Running Spark on EC2 - Spark 1.6.2 Documentation (2024)

The spark-ec2 script, located in Spark’s ec2 directory, allows youto launch, manage and shut down Spark clusters on Amazon EC2. It automaticallysets up Spark and HDFS on the cluster for you. This guide describes how to use spark-ec2 to launch clusters, how to run jobs on them, and how to shut them down. It assumes you’ve already signed up for an EC2 account on the Amazon Web Services site.

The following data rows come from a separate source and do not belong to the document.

Lemma support_fun_curve_continuous : continuity h.
Proof.
  intros th0. destruct curve_bounded as [B [HB Hbd]].
  apply (continuity_pt_dominated _ (fun th => B * (Rabs (cos th - cos th0) + Rabs (sin th - sin th0)))).
  - reg.
  - rewrite !Rminus_eq_0, Rabs_R0. ring.
  - intros th.
    destruct (support_fun_curve_attained th0) as [t0 [-> M0]].
    destruct (support_fun_curve_attained th) as [t1 [-> M1]].
    assert (Hgap : forall t, Rabs (height th (x t, y t) - height th0 (x t, y t))
                             <= B * (Rabs (cos th - cos th0) + Rabs (sin th - sin th0))).
    { intros t. destruct (Hbd t) as [Bx By]. unfold height; simpl.
      replace (x t * cos th + y t * sin th - (x t * cos th0 + y t * sin th0))
        with (x t * (cos th - cos th0) + y t * (sin th - sin th0)) by ring.
      eapply Rle_trans; [apply Rabs_triang|]. rewrite !Rabs_mult.
      pose proof (Rabs_pos (cos th - cos th0)). pose proof (Rabs_pos (sin th - sin th0)). nra. }
    pose proof (M1 t0). pose proof (M0 t1).
    pose proof (Hgap t0) as G0. pose proof (Hgap t1) as G1.
    apply Rabs_le_between in G0, G1. apply Rabs_le_between. lra.
Qed.

Lemma curve_not_in_line (a : R) : (forall t, height (a + PI / 2) (x t, y t) = 0) -> False.
Proof.
  intros Hline.
  destruct (continuous_loop_not_injective (fun t => height a (x t, y t)) L) as [s1 [s2 [Hs12 [Hs2 E]]]];
    [auto | intros; apply continuity_height; auto | |].
  - destruct (Hper 0) as [E1 E2]. rewrite Rplus_0_l in E1, E2. rewrite E1, E2. reflexivity.
  - assert (Hpt : (x s1, y s1) = (x s2, y s2)) by (apply (height_inj a); [exact E | rewrite !Hline; reflexivity]).
    injection Hpt as Ex Ey.
    assert (s1 = s2) by (apply Hinj; auto; lra). lra.
Qed.

Lemma support_fun_curve_pos : (forall th, h th <> 0) -> forall th, 0 < h th.
Proof.
  intros Hnz th. apply Rnot_le_lt. intros Hle.
  assert (Hneg : h th < 0) by (pose proof (Hnz th); lra).
  (* h (th + PI) >= - h th > 0, so h would vanish in between *)
  assert (Hopp : 0 < h (th + PI)).
  { destruct (support_fun_curve_attained th) as [t [E _]].
    pose proof (height_le_support (th + PI) t) as Hle'. rewrite height_add_PI in Hle'. lra. }
  destruct (IVT_strict h th (th + PI)) as [z [_ Ez]];
    [pose proof PI_RGT_0; lra | intros; apply support_fun_curve_continuous | lra | ].
  exact (Hnz z Ez).
Qed.

(* A simple closed curve contains no simple loop other than itself: otherwise the parameter of
   the curve, read off along the loop, would be a continuous injective function on a circle. *)
Lemma contained_loop_exhausts_curve (ex ey : R -> R) (P : R) : 0 < P ->
  continuity ex -> continuity ey -> ex P = ex 0 -> ey P = ey 0 ->
  (forall s1 s2, 0 <= s1 < P -> 0 <= s2 < P -> ex s1 = ex s2 -> ey s1 = ey s2 -> s1 = s2) ->
  (forall s, exists t, x t = ex s /\ y t = ey s) ->
  forall t0, exists s, x t0 = ex s /\ y t0 = ey s.
Proof.
  intros HP Cex Cey EPx EPy Hloop Hcover t0.
  destruct (classic (exists s, x t0 = ex s /\ y t0 = ey s)) as [|Hoff]; [auto | exfalso].
  assert (Hsel : forall s, exists T, t0 <= T < t0 + L /\ x T = ex s /\ y T = ey s).
  { intros s. destruct (Hcover s) as [t [Xt Yt]].
    destruct (curve_reduce t0 t) as [k [Hk [E1 E2]]].
    exists (t - IZR k * L). rewrite E1, E2. auto. }
  assert (Huniq : forall s T1 T2, t0 <= T1 < t0 + L -> t0 <= T2 <= t0 + L ->
            x T1 = ex s -> y T1 = ey s -> x T2 = ex s -> y T2 = ey s -> T2 = T1).
  { intros s T1 T2 H1 H2 X1 Y1 X2 Y2.
    assert (T2 <> t0 + L).
    { intros ->. destruct (Hper t0) as [P1 P2]. apply Hoff. exists s. split; congruence. }
    apply (curve_inj_window t0); [lra | lra | congruence | congruence]. }
  set (T := fun s => proj1_sig (constructive_indefinite_description _ (Hsel s))).
  assert (HT : forall s, t0 <= T s < t0 + L /\ x (T s) = ex s /\ y (T s) = ey s)
    by (intros s; exact (proj2_sig (constructive_indefinite_description _ (Hsel s)))).
  assert (CT : continuity T).
  { apply (continuity_selection x y ex ey T t0 (t0 + L)); auto.
    - intros s. destruct (HT s) as [? ?]. split; [lra | auto].
    - intros s t Ht Xt Yt. destruct (HT s) as [HTs [X1 Y1]]. apply (Huniq s); auto. }
  destruct (continuous_loop_not_injective T P) as [s1 [s2 [Hs12 [Hs2 Es]]]];
    [auto | intros; apply CT | |].
  - destruct (HT P) as [HP' [XP YP]]. destruct (HT 0) as [H0 [X0 Y0]].
    apply (Huniq 0); [lra | lra | congruence | congruence | auto | auto].
  - destruct (HT s1) as [_ [X1 Y1]]. destruct (HT s2) as [_ [X2 Y2]].
    assert (s1 = s2) by (apply Hloop; [lra | lra | congruence | congruence]). lra.
Qed.

Section EllipticSupport.

Variables a b phi : R.
Hypothesis Ha : 0 < a.
Hypothesis Hb : 0 < b.
Hypothesis Hh : forall th, h th = ellipse_support a b phi th.

Lemma curve_in_ellipse (t : R) : ell_gauge a b phi (x t, y t) <= 1.
Proof.
  set (p := (x t, y t)). set (U := ell_u a phi p). set (V := ell_v b phi p).
  (* test p in the normal direction of the ellipse at its point (U, V) / |(U, V)| *)
  destruct (polar_form (U / a) (V / b)) as [be [H1 H2]].
  set (r := sqrt _) in H1, H2.
  assert (Hr : 0 <= r) by apply sqrt_pos.
  set (al := be + phi).
  assert (Hle : height al p <= ellipse_support a b phi al) by (rewrite <- Hh; apply height_le_support).
  pose proof (ellipse_support_sq a b phi al) as HS. assert (0 <= ellipse_support a b phi al) by apply sqrt_pos.
  rewrite (height_ell_coords a b phi Ha Hb) in Hle.
  unfold rotated_quad in HS. fold U V in Hle.
  replace (al - phi) with be in Hle, HS by (unfold al; ring).
  set (H0 := ellipse_support a b phi al) in *. set (E := a * U * cos be + b * V * sin be) in *.
  assert (HrE : r * E = U * U + V * V).
  { unfold E. transitivity (a * U * (r * cos be) + b * V * (r * sin be)); [ring|].
    rewrite <- H1, <- H2. field. lra. }
  assert (HrH : r * r * (H0 * H0) = U * U + V * V).
  { rewrite HS. transitivity (a ^ 2 * (r * cos be) ^ 2 + b ^ 2 * (r * sin be) ^ 2); [ring|].
    rewrite <- H1, <- H2. field. lra. }
  unfold ell_gauge. fold p U V. apply Rnot_lt_le. intros Hgt.
  assert (0 < r) by (destruct (Req_dec r 0) as [Z|]; [rewrite Z in HrE; nra | lra]).
  assert (0 < E) by nra.
  assert (r * r * (E * E) <= r * r * (H0 * H0)) by (apply Rmult_le_compat_l; nra).
  nra.
Qed.
(* satisfaction in Gamma(n); variable i is interpreted by the i-th entry of env *)
Fixpoint sat (Gam : list (list nat)) (lam : list nat -> bool) (n : nat)
  (env : list elt) (phi : form) : Prop :=
  match phi with
  | FEq t u => tev env t = tev env u
  | FLe t u => leE (tev env t) (tev env u)
  | FP sg t => In sg Gam /\ piX (tev env t) = sg
  | FNot p => ~ sat Gam lam n env p
  | FAnd p q => sat Gam lam n env p /\ sat Gam lam n env q
  | FEx p => exists a, in_GammaX Gam lam n a /\ sat Gam lam n (a :: env) p
  end.

Definition has_card {T : Type} (P : T -> Prop) (c : nat) : Prop :=
  exists l : list T, NoDup l /\ length l = c /\ (forall x, In x l <-> P x).

(* K(Gamma) is taken as the family Gamma(n), n >= 1.
   A triple (d_i, mu_i, theta_i) is encoded as (k_i, mu_i, theta_i) with
   d_i = k_i / N, k_i <= N.  In phi(x, y), x is variable 0 and y_j is
   variable j+1; in theta_i(y), y_j is variable j. *)
Definition asymptotic_class (Gam : list (list nat)) (lam : list nat -> bool)
  (N : nat) : Prop :=
  forall (m : nat) (phi : form), form_wf Gam (S m) phi ->
  exists data : list (nat * R * form),
    (forall k mu th, In (k, mu, th) data ->
       (k <= N)%nat /\ 0 <= mu /\ (k <> 0%nat -> 0 < mu) /\ form_wf Gam m th) /\
    (forall n : nat, (1 <= n)%nat ->
       forall b : list elt, length b = m -> Forall (in_GammaX Gam lam n) b ->
         (exists i, (i < length data)%nat /\
            sat Gam lam n b (snd (nth i data (0%nat, 0, FEq TRoot TRoot)))) /\
         (forall i j, (i < length data)%nat -> (j < length data)%nat -> i <> j ->
            sat Gam lam n b (snd (nth i data (0%nat, 0, FEq TRoot TRoot))) ->
            ~ sat Gam lam n b (snd (nth j data (0%nat, 0, FEq TRoot TRoot))))) /\
    (forall i, (i < length data)%nat ->
       forall eps : R, 0 < eps ->
       exists M : nat,
         forall n : nat, (1 <= n)%nat ->
         forall cA : nat, has_card (in_GammaX Gam lam n) cA -> (M <= cA)%nat ->
         forall b : list elt, length b = m -> Forall (in_GammaX Gam lam n) b ->
         sat Gam lam n b (snd (nth i data (0%nat, 0, FEq TRoot TRoot))) ->
         forall c : nat,
           has_card (fun a => in_GammaX Gam lam n a /\ sat Gam lam n (a :: b) phi) c ->
           let k := fst (fst (nth i data (0%nat, 0, FEq TRoot TRoot))) in
           let mu := snd (fst (nth i data (0%nat, 0, FEq TRoot TRoot))) in
           Rabs (INR c - mu * Rpower (INR cA) (INR k / INR N))
             <= eps * Rpower (INR cA) (INR k / INR N)).

From Stdlib Require Import Reals List Arith Lia Lra Classical ClassicalEpsilon.
From Stdlib Require FinFun.
From Coquelicot Require Import Coquelicot.
Import List.
Import ListNotations.
Set Bullet Behavior "Strict Subproofs".

(* The *shape* of a tuple of elements of Gam(n) is the list of their
   projections to Gam together with the lengths of their pairwise meets.
   1. Indiscernibility: atomic formulas only see shapes, and a back-and-forth
      step extends shape equivalence by one element as long as n exceeds the
      tuple length (every infinity-node offers n labels, the tuple blocks fewer).
      Hence shape-equivalent tuples satisfy the same formulas of quantifier
      depth q once n > length + q.
   2. Counting: the fibre of Gam(n) over sigma has n^(count_inf sigma)
      elements, and the realisations of a shape over a tuple b of length m
      number between n^e (1 - m/n) and n^e, e being the number of infinity-nodes
      of the projection strictly beyond its longest meet with b.
   3. Definability: shapes are quantifier-free definable, so for large n the
      set phi(Gam(n), b) is the union of the shapes selected by the formula
      theta_S(b) recording which shapes carry a witness of phi.  Comparing
      sum_(tau in S) n^e(tau) with |Gam(n)| = sum_sigma n^(count_inf sigma)
      ~ C n^D gives the data (e_S, mu_S, theta_S) of a D-dimensional class.
   4. Optimality: some sigma has exactly one infinity-node, so the set
      P_sigma(Gam(n)) has n ~ |Gam(n)|^(1/D) elements, an exponent that no
      dimension N < D can express. *)

Local Open Scope nat_scope.
(* Let $A:\mathbb{R}\to\mathbb{R}^{n\times n}$, $t\mapsto A(t)=(a_{kl}(t))$, be a bounded and piecewise continuous function such that for every $t$ the matrix $A(t)$ is Metzler with zero row sums. Consider the linear system $\dot{x}=A(t)x$. Suppose there exist an index $k\in\{1,\dots,n\}$, a threshold $\delta>0$ and an interval length $T>0$ such that for every $t\in\mathbb{R}$, in the $\delta$-digraph associated to the matrix $\int_t^{t+T}A(s)\,\mathrm{d}s$, every node $l\neq k$ can be reached from node $k$. Then the equilibrium set of consensus states $E=\{x\in\mathbb{R}^n: x_1=\dots=x_n\}$ is uniformly exponentially stable for $\dot{x}=A(t)x$. In particular, all components of any solution $\zeta(t)$ of $\dot{x}=A(t)x$ converge to a common value as $t\to\infty$.
   Context: A real square matrix is Metzler if all its off-diagonal entries are nonnegative; it has zero row sums if each of its rows sums to zero (note that the integral over $[t,t+T]$ of such matrices is again Metzler with zero row sums). For $\delta\ge 0$, the $\delta$-digraph associated to an $n\times n$ Metzler matrix $M=(m_{kl})$ with zero row sums is the directed graph with node set $\{1,\dots,n\}$ having an arc from node $l$ to node $k$ ($k\neq l$) if and only if $m_{kl}>\delta$. A node $l$ can be reached from a node $k\neq l$ if there is a directed path from $k$ to $l$ respecting the orientation of the arcs. Uniform exponential stability of $E$ means: there exist constants $c,\lambda>0$ such that for every $t_0\in\mathbb{R}$ and every solution $\zeta$, $\mathrm{dist}(\zeta(t),E)\le c\,e^{-\lambda(t-t_0)}\mathrm{dist}(\zeta(t_0),E)$ for all $t\ge t_0$. *)

From Stdlib Require Import Reals Lra List Relations.
From Coquelicot Require Import Coquelicot.
Open Scope R_scope.

(* Vectors of R^n are represented as functions nat -> R, matrices as
   nat -> nat -> R; only indices < n are ever used. *)

Fixpoint sumR (n : nat) (f : nat -> R) : R :=
  match n with
  | O => 0
  | S m => sumR m f + f m
  end.

Definition bounded_mat (n : nat) (A : R -> nat -> nat -> R) : Prop :=
  exists M : R, forall t k l, (k < n)%nat -> (l < n)%nat -> Rabs (A t k l) <= M.

Definition piecewise_continuous (n : nat) (A : R -> nat -> nat -> R) : Prop :=
  forall a b : R, exists D : list R,
    forall t, a <= t <= b -> forall k l, (k < n)%nat -> (l < n)%nat ->
      (~ In t D -> continuous (fun s => A s k l) t) /\
      (In t D ->
         (exists v, filterlim (fun s => A s k l) (at_left t) (locally v)) /\
         (exists v, filterlim (fun s => A s k l) (at_right t) (locally v))).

spark-ec2 is designed to manage multiple named clusters. You canlaunch a new cluster (telling the script its size and giving it a name),shutdown an existing cluster, or log into a cluster. Each cluster isidentified by placing its machines into EC2 security groups whose namesare derived from the name of the cluster. For example, a cluster namedtest will contain a master node in a security group calledtest-master, and a number of slave nodes in a security group calledtest-slaves. The spark-ec2 script will create these security groupsfor you based on the cluster name you request. You can also use them toidentify machines belonging to each cluster in the Amazon EC2 Console.

Create an Amazon EC2 key pair for yourself. This can be done bylogging into your Amazon Web Services account through the AWSconsole, clicking Key Pairs on theleft sidebar, and creating and downloading a key. Make sure that youset the permissions for the private key file to 600 (i.e. only youcan read and write it) so that ssh will work.
Whenever you want to use the spark-ec2 script, set the environmentvariables AWS_ACCESS_KEY_ID and AWS_SECRET_ACCESS_KEY to yourAmazon EC2 access key ID and secret access key. These can beobtained from the AWS homepage by clickingAccount > Security Credentials > Access Credentials.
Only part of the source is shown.